### About this task
Only the lines below starting at the one containing "elim: s y =>" and ending at the one containing "Section Frequency." belong in the answer, each copied exactly.

### Dataset records
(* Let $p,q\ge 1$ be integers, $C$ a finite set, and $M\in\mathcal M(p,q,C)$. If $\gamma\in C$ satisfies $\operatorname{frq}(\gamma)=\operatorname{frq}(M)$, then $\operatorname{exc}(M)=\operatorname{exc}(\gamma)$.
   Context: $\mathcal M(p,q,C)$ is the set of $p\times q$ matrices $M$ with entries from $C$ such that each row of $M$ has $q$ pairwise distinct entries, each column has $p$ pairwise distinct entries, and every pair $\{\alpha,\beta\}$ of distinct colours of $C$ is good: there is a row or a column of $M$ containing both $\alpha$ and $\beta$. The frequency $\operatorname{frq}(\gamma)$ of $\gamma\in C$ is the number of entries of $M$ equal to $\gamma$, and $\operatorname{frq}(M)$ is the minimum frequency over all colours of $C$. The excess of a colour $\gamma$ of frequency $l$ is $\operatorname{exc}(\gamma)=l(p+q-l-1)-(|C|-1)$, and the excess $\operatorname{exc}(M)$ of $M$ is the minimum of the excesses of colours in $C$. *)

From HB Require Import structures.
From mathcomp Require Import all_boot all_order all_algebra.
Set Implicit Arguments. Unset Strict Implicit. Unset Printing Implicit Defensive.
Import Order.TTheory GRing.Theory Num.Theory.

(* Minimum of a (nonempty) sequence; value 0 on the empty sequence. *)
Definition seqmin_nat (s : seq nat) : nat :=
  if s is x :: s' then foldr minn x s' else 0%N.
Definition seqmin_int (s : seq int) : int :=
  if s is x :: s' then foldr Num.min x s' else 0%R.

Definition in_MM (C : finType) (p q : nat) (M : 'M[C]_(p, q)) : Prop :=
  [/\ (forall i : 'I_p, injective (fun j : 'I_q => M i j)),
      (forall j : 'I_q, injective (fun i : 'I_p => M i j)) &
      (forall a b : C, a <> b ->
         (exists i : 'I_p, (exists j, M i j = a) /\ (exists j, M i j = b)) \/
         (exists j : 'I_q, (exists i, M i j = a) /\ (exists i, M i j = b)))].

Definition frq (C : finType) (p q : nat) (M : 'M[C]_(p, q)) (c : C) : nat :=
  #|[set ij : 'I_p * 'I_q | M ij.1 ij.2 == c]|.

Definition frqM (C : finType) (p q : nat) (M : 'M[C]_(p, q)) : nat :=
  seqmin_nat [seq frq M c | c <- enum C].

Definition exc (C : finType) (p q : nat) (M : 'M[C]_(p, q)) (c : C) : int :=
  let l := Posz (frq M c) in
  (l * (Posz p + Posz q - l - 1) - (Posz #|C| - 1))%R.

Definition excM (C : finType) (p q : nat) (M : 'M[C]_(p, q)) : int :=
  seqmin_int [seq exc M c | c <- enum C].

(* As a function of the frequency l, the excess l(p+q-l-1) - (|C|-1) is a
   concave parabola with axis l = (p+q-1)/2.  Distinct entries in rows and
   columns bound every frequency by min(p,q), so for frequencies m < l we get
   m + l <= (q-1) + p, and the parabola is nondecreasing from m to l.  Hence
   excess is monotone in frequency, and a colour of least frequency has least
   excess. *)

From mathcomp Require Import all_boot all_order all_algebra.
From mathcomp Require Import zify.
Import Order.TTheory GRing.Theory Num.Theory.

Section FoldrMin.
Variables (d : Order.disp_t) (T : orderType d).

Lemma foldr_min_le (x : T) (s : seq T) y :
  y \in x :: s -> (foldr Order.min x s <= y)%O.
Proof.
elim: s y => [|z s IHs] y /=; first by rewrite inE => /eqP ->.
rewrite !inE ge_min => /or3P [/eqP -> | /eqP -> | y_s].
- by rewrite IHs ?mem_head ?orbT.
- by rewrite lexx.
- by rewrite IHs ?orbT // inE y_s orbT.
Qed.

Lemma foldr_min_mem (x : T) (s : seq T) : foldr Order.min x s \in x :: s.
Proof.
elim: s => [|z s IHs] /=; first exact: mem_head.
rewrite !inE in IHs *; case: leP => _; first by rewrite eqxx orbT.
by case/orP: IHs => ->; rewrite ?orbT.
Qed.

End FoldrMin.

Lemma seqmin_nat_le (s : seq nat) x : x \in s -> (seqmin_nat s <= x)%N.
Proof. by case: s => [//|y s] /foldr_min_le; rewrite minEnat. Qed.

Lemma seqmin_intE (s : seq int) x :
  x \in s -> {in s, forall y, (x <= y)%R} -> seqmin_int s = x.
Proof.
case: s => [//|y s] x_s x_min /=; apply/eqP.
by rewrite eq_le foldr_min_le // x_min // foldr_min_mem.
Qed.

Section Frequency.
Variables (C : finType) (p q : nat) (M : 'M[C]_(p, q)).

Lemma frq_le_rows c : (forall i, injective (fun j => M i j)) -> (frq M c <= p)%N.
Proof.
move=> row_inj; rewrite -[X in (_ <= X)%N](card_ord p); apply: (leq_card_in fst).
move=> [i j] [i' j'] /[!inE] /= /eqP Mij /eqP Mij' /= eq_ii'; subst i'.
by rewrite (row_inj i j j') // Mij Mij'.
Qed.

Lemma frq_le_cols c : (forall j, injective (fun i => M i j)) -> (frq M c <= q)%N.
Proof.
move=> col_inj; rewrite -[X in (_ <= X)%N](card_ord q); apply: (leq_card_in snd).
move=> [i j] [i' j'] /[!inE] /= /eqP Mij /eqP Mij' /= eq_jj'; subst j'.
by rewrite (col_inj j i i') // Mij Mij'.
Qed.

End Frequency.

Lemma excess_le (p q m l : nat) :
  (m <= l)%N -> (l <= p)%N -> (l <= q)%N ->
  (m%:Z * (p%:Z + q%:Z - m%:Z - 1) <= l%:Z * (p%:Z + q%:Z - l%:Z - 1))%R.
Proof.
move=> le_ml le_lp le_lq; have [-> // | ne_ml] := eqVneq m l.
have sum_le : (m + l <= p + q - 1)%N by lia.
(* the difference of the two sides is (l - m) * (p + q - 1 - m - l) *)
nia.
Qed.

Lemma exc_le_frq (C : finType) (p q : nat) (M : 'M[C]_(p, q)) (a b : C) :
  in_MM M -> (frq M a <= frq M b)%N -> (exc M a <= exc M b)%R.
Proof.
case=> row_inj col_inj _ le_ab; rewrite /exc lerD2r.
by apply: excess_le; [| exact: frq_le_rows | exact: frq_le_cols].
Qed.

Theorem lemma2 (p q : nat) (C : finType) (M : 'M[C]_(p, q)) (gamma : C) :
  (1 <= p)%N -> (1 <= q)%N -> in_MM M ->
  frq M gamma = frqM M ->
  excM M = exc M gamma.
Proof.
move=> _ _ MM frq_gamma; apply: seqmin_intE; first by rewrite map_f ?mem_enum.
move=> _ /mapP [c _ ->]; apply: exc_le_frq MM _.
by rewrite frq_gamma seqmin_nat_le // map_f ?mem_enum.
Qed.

### Solution
elim: s y => [|z s IHs] y /=; first by rewrite inE => /eqP ->.
rewrite !inE ge_min => /or3P [/eqP -> | /eqP -> | y_s].
- by rewrite IHs ?mem_head ?orbT.
- by rewrite lexx.
- by rewrite IHs ?orbT // inE y_s orbT.
Qed.

Lemma foldr_min_mem (x : T) (s : seq T) : foldr Order.min x s \in x :: s.
Proof.
elim: s => [|z s IHs] /=; first exact: mem_head.
rewrite !inE in IHs *; case: leP => _; first by rewrite eqxx orbT.
by case/orP: IHs => ->; rewrite ?orbT.
Qed.

End FoldrMin.

Lemma seqmin_nat_le (s : seq nat) x : x \in s -> (seqmin_nat s <= x)%N.
Proof. by case: s => [//|y s] /foldr_min_le; rewrite minEnat. Qed.

Lemma seqmin_intE (s : seq int) x :
  x \in s -> {in s, forall y, (x <= y)%R} -> seqmin_int s = x.
Proof.
case: s => [//|y s] x_s x_min /=; apply/eqP.
by rewrite eq_le foldr_min_le // x_min // foldr_min_mem.
Qed.

Section Frequency.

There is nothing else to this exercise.